D.C. feels economic brunt of sequestration

WASHINGTON – If automatic federal spending cuts — known as sequestration — were going to pinch, perhaps it’s no surprise that the federal city is saying “ouch!”

“We are already feeling the impact and feeling it probably more so than others,” says D.C. Mayor Vincent Gray.

The mayor charges that the federal sequester, which began in January, has raised the unemployment rate and slowed economic growth in the city.

“The loss of federal jobs and funding is a direct result of sequestration and has flattened the city’s job growth,” Gray says.

Director of Employment Services Lisa Mallory estimates that the city added 3,400 jobs in the private sector this year, while losing 7,000 federal government jobs.
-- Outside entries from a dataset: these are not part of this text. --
(* Let $\Gamma$ be a finite simplicial graph with vertex set $V=\{a_0,\ldots,a_{n-1}\}$, let $M$ be a positive integer and $\sigma:B(M)\to A(\Gamma)$ the map defined in the context. For all $u,v\in V$ and $x,y\in B(M)$: (1) $xy^{-1}\in Z(u)$ if and only if $\sigma(x)\sigma(y)^{-1}\in Z(u)$; (2) $xy^{-1}\in Z(v)Z(u)$ if and only if $\sigma(x)\sigma(y)^{-1}\in Z(v)Z(u)$.
   Context: $A(\Gamma)=\langle V\mid[a,b]=1\text{ for }\{a,b\}\in E(\Gamma)\rangle$; $\|w\|$ is the word length with respect to $V$, and $B(M)=\{w\in A(\Gamma):\|w\|\le M\}$. For $v\in V$, $Z(v)=\langle\mathrm{st}_\Gamma(v)\rangle$, the subgroup generated by $v$ and its neighbours, and $Z(v)Z(u)=\{gh:g\in Z(v),h\in Z(u)\}$. For a word $s_1^{e_1}\cdots s_\ell^{e_\ell}$ ($s_i\in V$, $e_i\in\{\pm1\}$, $\ell=\|w\|$) representing $w\in B(M)$, its right-counting vector $(f_1,\ldots,f_\ell)$ has $f_i=\min\|y\|$ over $y\in A(\Gamma)$ with $s_i^{e_i}\cdots s_\ell^{e_\ell}=x\,s_i^{e_i}\,y$ for some $x\in\langle\mathrm{lk}_\Gamma(s_i)\rangle$ ($\mathrm{lk}_\Gamma(s)$ = vertices adjacent to $s$). Set $N_i=\frac{3e_i-1}{2}\cdot4^{M-1-f_i}$ and $\sigma(w)=s_1^{N_1}\cdots s_\ell^{N_\ell}$; this is independent of the chosen word of length $\|w\|$ representing $w$. *)

From mathcomp Require Import all_boot all_order all_algebra.
From mathcomp Require Import boolp.
Set Implicit Arguments. Unset Strict Implicit. Unset Printing Implicit Defensive.

(* Right-angled Artin group A(Gamma), Gamma a finite simplicial graph on the
   vertex set 'I_n given by a symmetric irreflexive relation adj.
   Elements of A(Gamma) are represented by words in V^{+-1}:
   a letter (s, true) is s, a letter (s, false) is s^{-1}. *)
Definition letter (n : nat) := ('I_n * bool)%type.
Definition word (n : nat) := seq (letter n).

Inductive weq (n : nat) (adj : rel 'I_n) : word n -> word n -> Prop :=
| weq_refl w : weq adj w w
| weq_sym w1 w2 : weq adj w1 w2 -> weq adj w2 w1
| weq_trans w1 w2 w3 : weq adj w1 w2 -> weq adj w2 w3 -> weq adj w1 w3
| weq_ctx p q w1 w2 : weq adj w1 w2 -> weq adj (p ++ w1 ++ q) (p ++ w2 ++ q)
| weq_free (s : 'I_n) (e : bool) : weq adj [:: (s, e); (s, ~~ e)] [::]
| weq_comm (a b : 'I_n) (e f : bool) :
    adj a b -> weq adj [:: (a, e); (b, f)] [:: (b, f); (a, e)].

Definition winv (n : nat) (w : word n) : word n :=
  rev (map (fun l => (l.1, ~~ l.2)) w).

(* minimum of a (classical) set of naturals; 0 if empty *)
Lemma ex_asbool (P : nat -> Prop) :
  (exists k, P k) -> exists k, (fun k => `[< P k >]) k.
Proof. by case=> k hk; exists k; apply/asboolP. Qed.

Definition nmin (P : nat -> Prop) : nat :=
  match pselect (exists k, P k) with
  | left h => @ex_minn (fun k => `[< P k >]) (ex_asbool h)
  | right _ => 0
  end.

Definition wlen (n : nat) (adj : rel 'I_n) (w : word n) : nat :=
  nmin (fun k => exists w', weq adj w w' /\ size w' = k).

Definition in_sub (n : nat) (adj : rel 'I_n) (S : pred 'I_n) (w : word n) : Prop :=
  exists w', weq adj w w' /\ all (fun l => S l.1) w'.

Definition star (n : nat) (adj : rel 'I_n) (v : 'I_n) : pred 'I_n :=
  fun u => (u == v) || adj v u.
Definition inZ (n : nat) (adj : rel 'I_n) (v : 'I_n) (w : word n) : Prop :=
  in_sub adj (star adj v) w.
Definition inZZ (n : nat) (adj : rel 'I_n) (v u : 'I_n) (w : word n) : Prop :=
  exists g h, inZ adj v g /\ inZ adj u h /\ weq adj w (g ++ h).

(* f_i for the letter l = s_i^{e_i}, with t = s_i^{e_i} ... s_l^{e_l} the suffix:
   min ||y|| over y with t = x s_i^{e_i} y, x in <lk(s_i)>. *)
Definition fval (n : nat) (adj : rel 'I_n) (l : letter n) (t : word n) : nat :=
  nmin (fun m => exists x y : word n,
          weq adj t (x ++ l :: y) /\ in_sub adj (adj l.1) x /\ wlen adj y = m).

Definition sgn (e : bool) : int := if e then 1%R else (-1)%R.
Definition Nexp (M : nat) (e : bool) (f : nat) : int :=
  (divz (3 * sgn e - 1)%R 2 * (4 ^ (M - 1 - f))%:Z)%R.

Definition wpow (n : nat) (s : 'I_n) (z : int) : word n :=
  match z with
  | Posz k => nseq k (s, true)
  | Negz k => nseq k.+1 (s, false)
  end.

Fixpoint sigma (n : nat) (adj : rel 'I_n) (M : nat) (w : word n) : word n :=
  match w with
  | [::] => [::]
  | l :: r => wpow l.1 (Nexp M l.2 (fval adj l (l :: r))) ++ sigma adj M r
  end.

From mathcomp Require Import all_boot all_order all_algebra.
From mathcomp Require Import boolp.
Set Implicit Arguments. Unset Strict Implicit. Unset Printing Implicit Defensive.

(** Words up to commuting adjacent letters at adjacent vertices ([shuffle]) are
    faithfully encoded by heaps: one stack per vertex t, recording the letters
    at t and, as blockers, the letters at vertices not adjacent to t.  Letting a
    letter cancel against an inverse on top of the heap, or else be pushed,
    defines an action of A(Gamma) on heaps; hence two reduced words are equal in
    A(Gamma) iff they are shuffles of each other.  For a reduced word, lying in
    Z(u) means that all its letters are in st(u), and lying in Z(v)Z(u) means
    that it shuffles into an st(v)-word followed by an st(u)-word.

    Geodesic words are reduced, and x y^-1 reduces to a b^-1 where x ~ a c and
    y ~ b c.  Since f_i only depends on the element represented by the suffix,
    sigma respects shuffles, so sigma(x) sigma(y)^-1 = a' b'^-1 where a', b'
    replace each letter s^e of a, b by s^N_i; only N_i <> 0 with the sign of e
    matters.  Such expansions preserve reducedness, and they preserve both
    combinatorial conditions because they do not change which letters can be
    shuffled to the end of the word. *)

Lemma nmin_le (P : nat -> Prop) k : P k -> nmin P <= k.
Proof.
move=> Pk; rewrite /nmin; case: pselect => [exP|[]]; last by exists k.
by case: ex_minnP => m _; apply; apply/asboolP.
Qed.

Lemma wpow_Nexp n (l : letter n) M f :
  exists k, wpow l.1 (Nexp M l.2 f) = nseq k.+1 l.
Proof.
case: l => s []; rewrite /Nexp /sgn.
  have -> : divz (3 * 1 - 1)%R 2 = 1%R by [].
  rewrite GRing.mul1r; have := expn_gt0 4 (M - 1 - f).
  by case: (4 ^ _) => // k _; exists k.
have -> : (divz (3 * -1 - 1) 2 * (4 ^ (M - 1 - f))%:Z)%R =
          Negz (2 * 4 ^ (M - 1 - f)).-1.
  by rewrite NegzE prednK ?muln_gt0 ?expn_gt0 // PoszM GRing.mulNr.
by exists (2 * 4 ^ (M - 1 - f)).-1.
Qed.

Lemma rcons_nseq T k (x : T) : rcons (nseq k x) x = nseq k.+1 x.
Proof. by elim: k => //= k ->. Qed.

Lemma wpow_all n (s : 'I_n) z (P : pred (letter n)) :
  (forall e, P (s, e)) -> all P (wpow s z).
Proof. by move=> h; case: z => k; rewrite all_nseq h orbT. Qed.

Section WordInverse.
Variable n : nat.
Implicit Types (w : word n) (l : letter n).

Lemma winv_cat w1 w2 : winv (w1 ++ w2) = winv w2 ++ winv w1.
Proof. by rewrite /winv map_cat rev_cat. Qed.

Lemma winv_cons l w : winv (l :: w) = winv w ++ [:: (l.1, ~~ l.2)].
Proof. by rewrite -cat1s winv_cat. Qed.

Lemma winv_nseq k l : winv (nseq k l) = nseq k (l.1, ~~ l.2).
Proof. by rewrite /winv map_nseq rev_nseq. Qed.

Lemma winvK : involutive (@winv n).
Proof.
move=> w; rewrite /winv map_rev revK -map_comp map_id_in // => -[s e] _ /=.
by rewrite negbK.
Qed.

Lemma size_winv w : size (winv w) = size w.
Proof. by rewrite size_rev size_map. Qed.

Lemma all_winv (P : pred 'I_n) w :
  all (fun l => P l.1) (winv w) = all (fun l => P l.1) w.
Proof. by rewrite /winv all_rev all_map. Qed.

End WordInverse.

Section RightAngledArtinGroup.
Variables (n : nat) (adj : rel 'I_n).
Hypotheses (adj_sym : symmetric adj) (adj_irr : irreflexive adj).

Local Notation word := (word n).
Local Notation letter := (letter n).
Local Notation weq := (weq adj).

Lemma adj_neq a b : adj a b -> a != b.
Proof. by apply: contraTneq => ->; rewrite adj_irr. Qed.

Lemma weq_catl p w1 w2 : weq w1 w2 -> weq (p ++ w1) (p ++ w2).
Proof. by move=> h; have := weq_ctx p [::] h; rewrite !cats0. Qed.

Lemma weq_catr q w1 w2 : weq w1 w2 -> weq (w1 ++ q) (w2 ++ q).
Proof. by move=> h; have := weq_ctx [::] q h. Qed.

Lemma weq_cat w1 w2 v1 v2 : weq w1 w2 -> weq v1 v2 -> weq (w1 ++ v1) (w2 ++ v2).
Proof. by move=> h1 h2; apply: weq_trans (weq_catr _ h1) (weq_catl _ h2). Qed.

Lemma weq_cancel_letter (l : letter) : weq [:: (l.1, ~~ l.2); l] [::].
Proof. by have := weq_free adj l.1 (~~ l.2); rewrite negbK; case: l. Qed.

Lemma weq_winv w1 w2 : weq w1 w2 -> weq (winv w1) (winv w2).
Proof.
elim=> {w1 w2} [w|w1 w2 _|w1 w2 w3 _ h1 _ h2|p q w1 w2 _ h|s e|a b e f hab].
- exact: weq_refl.
- exact: weq_sym.
- exact: weq_trans h1 h2.
- by rewrite !winv_cat -!catA; apply: weq_ctx.
- by rewrite /winv /= negbK; apply: weq_free.
- by rewrite /winv /=; apply: weq_comm; rewrite adj_sym.
Qed.

Lemma weq_cat_winv w : weq (w ++ winv w) [::].
Proof.
elim: w => [|[s e] w IH]; first exact: weq_refl.
have := weq_ctx [:: (s, e)] [:: (s, ~~ e)] IH; rewrite /= -catA winv_cons => h.
exact: weq_trans h (weq_free adj s e).
Qed.

Inductive shuffle : word -> word -> Prop :=
| shuffle_refl w : shuffle w w
| shuffle_trans w1 w2 w3 : shuffle w1 w2 -> shuffle w2 w3 -> shuffle w1 w3
| shuffle_swap p q a b :
    adj a.1 b.1 -> shuffle (p ++ a :: b :: q) (p ++ b :: a :: q).

Lemma shuffle_sym w1 w2 : shuffle w1 w2 -> shuffle w2 w1.
Proof.
elim=> [w|w1' w2' w3 _ h1 _ h2|p q a b hab]; first exact: shuffle_refl.
  exact: shuffle_trans h2 h1.
by apply: shuffle_swap; rewrite adj_sym.
Qed.

Lemma shuffle_weq w1 w2 : shuffle w1 w2 -> weq w1 w2.
Proof.
elim=> [w|w1' w2' w3 _ h1 _ h2|p q [a e] [b f] hab]; first exact: weq_refl.
  exact: weq_trans h1 h2.
by have := weq_ctx p q (weq_comm e f hab).
Qed.

Lemma shuffle_catl p w1 w2 : shuffle w1 w2 -> shuffle (p ++ w1) (p ++ w2).
Proof.
elim=> [w|w1' w2' w3 _ h1 _ h2|p' q a b hab]; first exact: shuffle_refl.
  exact: shuffle_trans h1 h2.
by rewrite !catA; apply: shuffle_swap.
Qed.

Lemma shuffle_catr q w1 w2 : shuffle w1 w2 -> shuffle (w1 ++ q) (w2 ++ q).
Proof.
elim=> [w|w1' w2' w3 _ h1 _ h2|p q' a b hab]; first exact: shuffle_refl.
  exact: shuffle_trans h1 h2.
by rewrite -!catA; apply: shuffle_swap.
Qed.

Lemma shuffle_perm w1 w2 : shuffle w1 w2 -> perm_eq w1 w2.
Proof.
elim=> [w|w1' w2' w3 _ h1 _ h2|p q a b _]; first exact: perm_refl.
  exact: perm_trans h1 h2.
by rewrite perm_cat2l -[a :: _]/([:: a] ++ [:: b] ++ q) perm_catCA.
Qed.

Lemma shuffle_size w1 w2 : shuffle w1 w2 -> size w1 = size w2.
Proof. by move/shuffle_perm/perm_size. Qed.

Lemma shuffle_all (P : pred letter) w1 w2 : shuffle w1 w2 -> all P w1 = all P w2.
Proof. by move/shuffle_perm/perm_all. Qed.

Lemma shuffle_rot1 l w :
  all (fun m => adj l.1 m.1) w -> shuffle (l :: w) (w ++ [:: l]).
Proof.
elim: w => [|m w IH] /=; first by move=> _; apply: shuffle_refl.
case/andP=> hm hw; apply: shuffle_trans (shuffle_swap [::] w hm) _.
exact: (shuffle_catl [:: m] (IH hw)).
Qed.

Lemma shuffle_catC w1 w2 :
  all (fun l => all (fun m => adj l.1 m.1) w2) w1 -> shuffle (w1 ++ w2) (w2 ++ w1).
Proof.
elim: w1 => [|l w1 IH] /=; first by rewrite cats0 => _; apply: shuffle_refl.
case/andP=> hl hw; apply: shuffle_trans (shuffle_catl [:: l] (IH hw)) _.
by have := shuffle_catr w1 (shuffle_rot1 hl); rewrite -catA.
Qed.

Lemma shuffle_rcons_cat p p' q l : shuffle p (rcons p' l) ->
  all (fun m => adj l.1 m.1) q -> shuffle (p ++ q) (rcons (p' ++ q) l).
Proof.
move=> hp hq; apply: shuffle_trans (shuffle_catr q hp) _.
by rewrite cat_rcons rcons_cat -cats1; apply/shuffle_catl/shuffle_rot1.
Qed.

Lemma shuffle_winv w1 w2 : shuffle w1 w2 -> shuffle (winv w1) (winv w2).
Proof.
elim=> [w|w1' w2' w3 _ h1 _ h2|p q a b hab]; first exact: shuffle_refl.
  exact: shuffle_trans h1 h2.
rewrite !winv_cat !winv_cons -!catA.
by apply: shuffle_swap; rewrite /= adj_sym.
Qed.
Lemma exchange_generator A s y : is_ideal A ->
  (forall x r, x \in s -> mm r -> A (r * x)) -> adjoin A s y -> ~ A y ->
  exists s', [/\ size s' = (size s).-1, (0 < size s)%N, (forall x, x \in s' -> x \in s) &
    subsetI (adjoin A s) (adjoin A (y :: s'))].
Proof.
move=> HA; elim: s y => [|x s IH] y Hms //= [r [z [Hz ->]]] Hy.
have Hms' x' r' : x' \in s -> mm r' -> A (r' * x').
  by move=> Hx' Hr'; apply: Hms => //; rewrite inE Hx' orbT.
case: (classic (mm r)) => Hr.
  have Hy' : adjoin A s (r * x + z).
    apply: idealD => //; first exact: adjoin_ideal.
    by apply: adjoin_base => //; apply: Hms => //; exact: mem_head.
  have [s' [Hsz Hpos Hsub Hinc]] := IH _ Hms' Hy' Hy.
  exists (x :: s'); split => /=.
  - by rewrite Hsz; case: (size s) Hpos.
  - by [].
  - by move=> w; rewrite !inE => /orP [->|/Hsub ->]; rewrite ?orbT.
  - move=> _ [r' [w0 [Hw0 ->]]]; have [rho [t [Ht ->]]] := Hinc _ Hw0.
    by exists rho, (r' * x + t); split; [exists r', t|ring].
have [u Hu] := nonmax_unit Hr.
exists s; split => //; first by move=> w Hw; rewrite inE Hw orbT.
move=> _ [r' [w0 [Hw0 ->]]]; exists (r' * u), (- (r' * u) * z + w0); split.
  apply: idealD; [exact: adjoin_ideal| |by []].
  by apply: idealMl; [exact: adjoin_ideal|].
transitivity (r' * ((u * r) * x) + w0); first by rewrite Hu mul1r.
by ring.
Qed.

Lemma chain_length_le_generators n : forall A B c s, is_ideal A -> ideal_chain A B c n ->
  (forall r b, mm r -> B b -> A (r * b)) -> (forall x, x \in s -> B x) ->
  subsetI B (adjoin A s) -> (n <= size s)%N.
Proof.
elim: n => [|n IH] A B c s HA Hc HmB Hs HBs //.
have Hc' := Hc; case: Hc' => H0 Hn Hid Hst.
have [_ [y [Hy1 Hy0]]] := Hst 0%N (ltn0Sn _).
have HyA : ~ A y by move=> /H0.
have HyB : B y by apply: (chain_le_top Hc (i := 1)).
have Hms x r : x \in s -> mm r -> A (r * x) by move=> Hx Hr; apply: HmB => //; apply: Hs.
have [s' [Hsz Hpos Hsub Hinc]] := exchange_generator HA Hms (HBs _ HyB) HyA.
have HAc1 : subsetI A (c 1%N) by apply: (chain_ge_bottom Hc).
suff : (n <= size s')%N by rewrite Hsz; case: (size s) Hpos.
apply: (IH (c 1%N) B (fun i => c i.+1)); first by apply: Hid.
- by split => // [i Hi|i Hi]; [apply: Hid|apply: Hst].
- by move=> r b Hr Hb; apply: HAc1; apply: HmB.
- by move=> x /Hsub; apply: Hs.
- move=> b Hb; apply: (adjoin_min (T := adjoin (c 1%N) s')) (Hinc _ (HBs _ Hb)).
  + by apply: adjoin_ideal; apply: Hid.
  + by move=> x Hx; apply: adjoin_base => //; [apply: Hid|apply: HAc1].
  + move=> x; rewrite inE => /orP [/eqP ->|Hx]; first by apply: adjoin_base => //; apply: Hid.
    by apply: adjoin_mem => //; apply: Hid.
Qed.
Lemma in_lideal_exprM_nilpotent j k z w : iter j.+1 ad z = 0 ->
  in_lideal (e ^+ k * w) -> in_lideal (e ^+ (j + k) * (z * w)).
Proof.
elim: j k z w => [|j IHj] k z w.
  move=> /comm_bracket /commr_sym /(commrX k) ez.
  by rewrite add0n mulrA -ez -mulrA; apply: in_lidealMl.
elim: k w => [|k IHk] w hz hw.
  by case: hw => y; rewrite expr0 mul1r => ->; rewrite !mulrA; apply: in_lidealMe.
have -> : e ^+ (j.+1 + k.+1) * (z * w) =
    e ^+ (j + k).+1 * (ad z * w + z * (e * w)).
  rewrite addSn addnS exprSr -mulrA; congr (_ * _).
  by rewrite /bracket mulrBl !mulrA subrK.
rewrite mulrDr; apply: in_lidealD.
  by rewrite -addnS; apply: IHj; rewrite // -iterSr.
by rewrite -addSn; apply: IHk; rewrite // mulrA -exprSr.
Qed.

Definition lideal_torsion w := exists k, in_lideal (e ^+ k * w).

Lemma lideal_torsion1 : lideal_torsion 1.
Proof. by exists 1%N; rewrite mulr1 expr1; apply: in_lidealee. Qed.

Lemma lideal_torsionD v w :
  lideal_torsion v -> lideal_torsion w -> lideal_torsion (v + w).
Proof.
move=> [k hv] [l hw]; exists (maxn k l); rewrite mulrDr.
by apply: in_lidealD; [apply: in_lideal_exprMw hv | apply: in_lideal_exprMw hw];
  rewrite ?leq_maxl ?leq_maxr.
Qed.

Lemma lideal_torsionN w : lideal_torsion w -> lideal_torsion (- w).
Proof. by move=> [k hw]; exists k; rewrite mulrN; apply: in_lidealN. Qed.

Lemma lideal_torsionM j z w :
  iter j ad z = 0 -> lideal_torsion w -> lideal_torsion (z * w).
Proof.
move=> /(iter_bracket_geq (leqnSn j)) hz [k hw].
by exists (j + k)%N; apply: in_lideal_exprM_nilpotent.
Qed.
Lemma measurable_bad_samples : measurable bad_samples.
Proof.
apply: bigsetU_measurable => I _.
exact: measurable_compression_event (measurable_sat_graph (card_le I)).
Qed.

Lemma bad_samples_le :
  Q bad_samples <= (\sum_(h < K) 'C(K, h)%:R * a h ^+ (K - h))%:E.
Proof.
apply: le_trans (le_measure_bigsetU Q _ _) _ => [I|].
  exact: measurable_compression_event (measurable_sat_graph (card_le I)).
rewrite -(sum_set_card_lt K (fun h => a h ^+ (K - h))%R) -sumEFin.
apply: lee_sum => I _; apply: compression_event_le => //.
  exact: measurable_sat_graph (card_le I).
exact: a_ge0 (card_le I).
Qed.

Lemma measurable_sat_Theta (t : K.-tuple T) : measurable (sat (Theta t)).
Proof.
rewrite (_ : sat _ = xsection (@sat_graph K) t); last by rewrite xsectionE.
exact: measurable_xsection (measurable_sat_graph (leqnn K)).
Qed.

(* Theta t is Theta of the support subsample I = Ups t and is satisfied by all
   the other samples, so otherwise t would lie in the compression event of I *)
Lemma not_bad_samples_sat_Theta_ge (t : K.-tuple T) :
  ~ bad_samples t -> (a #|Ups t|)%:E <= P (sat (Theta t)).
Proof.
move=> not_bad; set I := Ups t.
have [I_lt|I_ge] := ltnP #|I| K; last first.
  by rewrite (@anti_leq #|I| K) ?card_le // aK measure_ge0.
have Theta_sub : Theta (subtuple I t) = Theta t := Ups_support t.
rewrite leNgt; apply/negP => unlikely; apply: not_bad.
rewrite /bad_samples (bigD1 I) //=; left; split=> [|j _].
  by rewrite /= (_ : xsection _ _ = sat (Theta t)) // xsectionE -Theta_sub.
by rewrite /sat_graph /= Theta_sub.
Qed.

Lemma scenario_compression : exists E : set (K.-tuple T),
  [/\ measurable E, (1 - \sum_(h < K) 'C(K, h)%:R * a h ^+ (K - h))%:E <= Q E
    & forall t, E t -> measurable (sat (Theta t)) /\ (a #|Ups t|)%:E <= P (sat (Theta t))].
Proof.
exists (~` bad_samples); split.
- exact: measurableC measurable_bad_samples.
- rewrite probability_setC ?EFinB; last exact: measurable_bad_samples.
  by apply: leeB => //; exact: bad_samples_le.
- by move=> t /not_bad_samples_sat_Theta_ge; split=> //; exact: measurable_sat_Theta.
Qed.

End ScenarioCompression.

Theorem corollary1 (R : realType) (n m l N K : nat)
  (d : measure_display) (T : measurableType d) (P : probability T R)
  (iota : T -> 'cV[R]_l)
  (A : 'cV[R]_l -> 'M[R]_n) (B : 'cV[R]_l -> 'M[R]_(n, m))
  (X : set 'cV[R]_n) (U : set 'cV[R]_m) (S : set 'cV[R]_n)
  (xs : 'I_N -> 'cV[R]_n) (beta : R) (eps : nat -> R)
  (Theta : seq T -> Mset R m l N) (Ups : K.-tuple T -> {set 'I_K})
  (Q : probability (K.-tuple T) R) :
  (* Delta = range iota is a subset of R^l *)
  injective iota ->
  Cset X -> Cpolytope U -> Cpolytope S -> S `<=` X -> vertices_of S xs ->
  0 < beta < 1 ->
  (forall h, (h <= K)%N -> 0 <= eps h <= 1) -> eps K = 1 ->
  \sum_(h < K) ('C(K, h))%:R * (1 - eps h) ^+ (K - h) = beta ->
  (* L_{delta_K} is nonempty for every delta_K *)
  (forall dK : K.-tuple T, Lseq iota A B U S xs dK !=set0) ->
  (* Theta_p is a tie-break map selecting an element of L of its argument *)
  (forall s : seq T, Lseq iota A B U S xs s !=set0 ->
     Lseq iota A B U S xs s (Theta s)) ->
  (* Ups_K returns the index set of a support subsample *)
  (forall dK : K.-tuple T,
     Theta [seq tnth dK i | i <- enum (Ups dK)] = Theta dK) ->
  (* Q is the product probability P^K *)
  is_product_prob P Q ->
  (* implicit measurability of the events involved *)
  (forall p : nat, (p <= K)%N ->
     measurable [set z : p.-tuple T * T | Lset A B U S xs (iota z.2) (Theta z.1)]) ->
  exists E : set (K.-tuple T), measurable E /\ ((1 - beta)%:E <= Q E)%E /\
    forall dK : K.-tuple T, E dK ->
      exists G : set T, measurable G /\ ((1 - eps #|Ups dK|)%:E <= P G)%E /\
        G `<=` [set dl : T | vertex_law_invariant (A (iota dl)) (B (iota dl)) U S xs
                  (fun i => (Theta dK).1 i *m iota dl + (Theta dK).2 i)].
Proof.
move=> _ _ CU CS _ vertices _ eps01 epsK sum_beta L_nonempty Theta_L Ups_support QP mL.
have a_ge0 h : (h <= K)%N -> 0 <= 1 - eps h.
  by move=> /eps01 /andP[_]; rewrite subr_ge0.
have aK : 1 - eps K = 0 by rewrite epsK subrr.
have Theta_sat (t : K.-tuple T) j : Lset A B U S xs (iota (tnth t j)) (Theta t).
  exact: Theta_L (L_nonempty t) _ (In_tnth t j).
have [E [mE QE goodE]] := scenario_compression
  (sat := fun c dl => Lset A B U S xs (iota dl) c) QP a_ge0 aK Theta_sat Ups_support mL.
exists E; split=> //; split; first by rewrite -sum_beta.
move=> t /goodE [mG PG]; exists [set dl | Lset A B U S xs (iota dl) (Theta t)].
by split=> //; split=> // dl Ldl; exact: vertex_law_invariant_of_feasible CU CS vertices Ldl.
Qed.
The city’s unemployment rate, which reached a high of 10.3 percent in August 2011, fell to 8.4 percent in January, but has edged up to 8.6 percent in July.

The mayor says he believes that the city’s unemployment rate would be as low as 8 percent if not for the sequester.

“Sequestration is obviously resulting in a slowdown in the growth of the District’s economy,” Gray says.

Chief Financial Officer Fitzroy Lee forecasts the city will receive $30 million less in federal funding in 2014. Lee estimates that the reduced federal payment will have the effect of sucking $60 million from the city’s economy next year.

Budget cutters in Congress have said all along that their goal is to reduce federal spending and it would stand to reason that the District, which relies heavily on federal dollars, would be among those suffering the consequences.

But the mayor says if the law isn’t changed, the reduced funding will hurt city residents next year including needy families seeking federal housing, special education students and students who rely on free and reduced-price lunches.

“We’re calling on the Congress to end sequestration and balance the budget responsibly and certainly not on the backs of those who are in the District of Columbia,” Gray says.